I’m going now, got to get her stuff ready for the next school day. Making sandwiches, filling her massive Stanley cup, that takes a few hours. Since when did children start taking enough water to quench the thirst of an African village to school? I want her to be hydrated, but she must be urinating like a camel.
I also polish her shoes every night. It’s a tradition passed down to me from my father. He used to be fireman and it’s part of his DNA. The working-class way, put on your tie and clean your shoes. He used to buff those things, so I looked like a Beefeater. I was eleven. I spent break times kicking a tennis ball around a playground, I wasn’t Alan Sugar. I can always smell that polish, I think it gives my Dad flashback to been on duty, it must be how Nigel Mansell feels whenever he fills the car with Petrol.
I think school sometimes doesn’t prepare you for the real world. Some people are late developers. The world my children live in now is very different to the one I grew up in.
We didn’t have influencers when I was at school. We had people who would do dares.
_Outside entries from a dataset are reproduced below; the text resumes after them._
Lemma logderiv_not_bounded_away a c : 0 < c -> exists t, a <= t /\ Rabs (logderiv t) < c.
Proof.
intros hc. destruct hermite_log_asymptotics as (M & hM).
assert (hln2 : 0 < ln 2) by (rewrite <- ln_1; apply ln_increasing; lra).
set (B := Rabs k * ln 2 + 2 * ln 2).
set (x := Rmax (Rmax a M) 0 + B / c + 1).
assert (Rmax a M <= Rmax (Rmax a M) 0) by apply Rmax_l.
assert (0 <= Rmax (Rmax a M) 0) by apply Rmax_r.
assert (a <= Rmax a M) by apply Rmax_l.
assert (M <= Rmax a M) by apply Rmax_r.
assert (0 <= B) by (assert (0 <= Rabs k) by apply Rabs_pos; unfold B; nra).
assert (0 <= B / c) by (apply Rdiv_le_0_compat; lra).
assert (hBx : B < c * x).
{ assert (c * (B / c) = B) by (field; lra). unfold x. nra. }
destruct (MVT_cor2 (fun t => ln (H t)) logderiv x (2 * x)) as (t & ht & hxt); [unfold x; lra| |].
{ intros t ht. apply derive_ln_H, hM. unfold x in *; lra. }
exists t. split; [unfold x in *; lra|].
destruct (hM x ltac:(unfold x; lra)) as (hx0 & hx).
destruct (hM (2 * x) ltac:(unfold x; lra)) as (h2x0 & h2x).
rewrite ln_mult in h2x by (unfold x in *; lra).
apply Rabs_le_between in hx. apply Rabs_le_between in h2x.
assert (hk2 : Rabs (k * ln 2) <= Rabs k * ln 2) by (rewrite Rabs_mult, (Rabs_right (ln 2)); lra).
apply Rabs_le_between in hk2.
assert (hux : Rabs (logderiv t) * x <= B).
{ rewrite <- (Rabs_right x) by (unfold x in *; lra). rewrite <- Rabs_mult.
  apply Rabs_le_between. replace (2 * x - x) with x in ht by ring. unfold B. lra. }
nra.
Qed.

Lemma hermite_no_double_zero z : H z = 0 -> H1 z <> 0.
Proof.
intros h0 h1. destruct hermite_log_asymptotics as (M & hM).
set (x := Rmax M z + 1).
assert (M <= Rmax M z) by apply Rmax_l.
assert (z <= Rmax M z) by apply Rmax_r.
assert (hx : 0 < H x) by (apply hM; unfold x; lra).
enough (H x ^ 2 + H1 x ^ 2 = 0) by nra.
apply (gronwall_vanishing (fun t => H t ^ 2 + H1 t ^ 2)
         (fun t => 2 * (1 - k) * (H t * H1 t) + 2 * t * H1 t ^ 2) (Rabs (1 - k) + 2 * Rabs x) z x).
- intros t. hermite_derive. ring.
- unfold x; lra.
- intros t _. nra.
- intros t ht.
  assert (2 * (1 - k) * (H t * H1 t) <= Rabs (1 - k) * (H t ^ 2 + H1 t ^ 2)).
  { assert (0 <= (H t - H1 t) ^ 2) by apply pow2_ge_0.
    assert (0 <= (H t + H1 t) ^ 2) by apply pow2_ge_0.
    destruct (Rcase_abs (1 - k)); [rewrite Rabs_left|rewrite Rabs_right]; nra. }
  assert (t <= Rabs x) by (eapply Rle_trans; [apply ht|apply Rle_abs]).
  assert (0 <= Rabs x) by apply Rabs_pos.
  nra.
- rewrite h0, h1. ring.
Qed.

Lemma laguerre_at_zero z : H z = 0 -> laguerre z = H1 z ^ 2.
Proof. intros h0. unfold laguerre. rewrite h0. ring. Qed.

Lemma H_nonzero_of_laguerre_nonpos x : laguerre x <= 0 -> H x <> 0.
Proof.
intros hW h0. apply (hermite_no_double_zero x h0).
rewrite laguerre_at_zero in hW by easy. nra.
Qed.

Lemma logderiv_increasing x y : x < y -> (forall t, x <= t <= y -> H t <> 0) ->
  (forall t, x < t < y -> laguerre t < 0) -> logderiv x < logderiv y.
Proof.
intros hxy hnz hW.
destruct (MVT_cor2 logderiv (fun t => - laguerre t / H t ^ 2) x y hxy) as (c & hc & hxc).
{ intros c hc. apply derive_logderiv, hnz, hc. }
assert (0 < H c ^ 2) by (apply pow2_gt_0, hnz; lra).
assert (0 < - laguerre c / H c ^ 2) by (apply Rdiv_lt_0_compat; [specialize (hW c hxc)|]; lra).
nra.
Qed.

Lemma logderiv_decreasing x y : x < y -> (forall t, x <= t <= y -> H t <> 0) ->
  (forall t, x < t < y -> 0 < laguerre t) -> logderiv y < logderiv x.
Proof.
intros hxy hnz hW.
destruct (MVT_cor2 logderiv (fun t => - laguerre t / H t ^ 2) x y hxy) as (c & hc & hxc).
{ intros c hc. apply derive_logderiv, hnz, hc. }
assert (0 < H c ^ 2) by (apply pow2_gt_0, hnz; lra).
assert (0 < laguerre c / H c ^ 2) by (apply Rdiv_lt_0_compat; [apply hW, hxc|lra]).
assert (- laguerre c / H c ^ 2 = - (laguerre c / H c ^ 2)) by (unfold Rdiv; ring).
nra.
Qed.

Lemma logderiv_nonpos_of_increasing a : (forall t, a <= t -> H t <> 0) ->
  (forall t, a < t -> laguerre t < 0) -> forall t, a <= t -> logderiv t <= 0.
Proof.
intros hnz hW t hat.
destruct (Rle_lt_dec (logderiv t) 0) as [|hpos]; [easy|exfalso].
destruct (logderiv_not_bounded_away t (logderiv t) hpos) as (s & hts & hs).
assert (logderiv t <= logderiv s).
{ destruct (Req_dec t s) as [<-|hne]; [lra|].
  apply Rlt_le, logderiv_increasing; [lra|intros; apply hnz; lra|intros; apply hW; lra]. }
assert (logderiv s <= Rabs (logderiv s)) by apply Rle_abs. lra.
Qed.

Lemma logderiv_nonneg_of_decreasing a : (forall t, a <= t -> H t <> 0) ->
  (forall t, a < t -> 0 < laguerre t) -> forall t, a <= t -> 0 <= logderiv t.
Proof.
intros hnz hW t hat.
destruct (Rle_lt_dec 0 (logderiv t)) as [|hneg]; [easy|exfalso].
destruct (logderiv_not_bounded_away t (- logderiv t)) as (s & hts & hs); [lra|].
assert (logderiv s <= logderiv t).
{ destruct (Req_dec t s) as [<-|hne]; [lra|].
  apply Rlt_le, logderiv_decreasing; [lra|intros; apply hnz; lra|intros; apply hW; lra]. }
assert (- logderiv s <= Rabs (logderiv s)) by (rewrite <- Rabs_Ropp; apply Rle_abs). lra.
Qed.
There was a lad who ate bees, one who cycled into a river, another tattooed his hand with a compass. Back then they were lunatics, now they’d probably be millionaires.
My daughter is accident prone, they often send her home with “bump notes” detailing the latest, Jackass style stunt she’s inflicted on herself. She’s collecting these things now. They have a little diagram on them, with an area circled where they’ve hurt themselves, it’s like an autopsy! Five more and we can publish it as a novel. It’s going to be sadder than Angela’s Ashes.
I’ve looked at the clock, it’s time for pick up. I swear I literally drop her off and may as well turn round again. Anyone who doesn’t believe in time travel should drop off a child at school and then try to have a productive day. It just doesn’t happen.
I’ve made one brew; my butt cheeks almost touched the sofa and now I’m off again.
Still, at least we get to buy some sweets.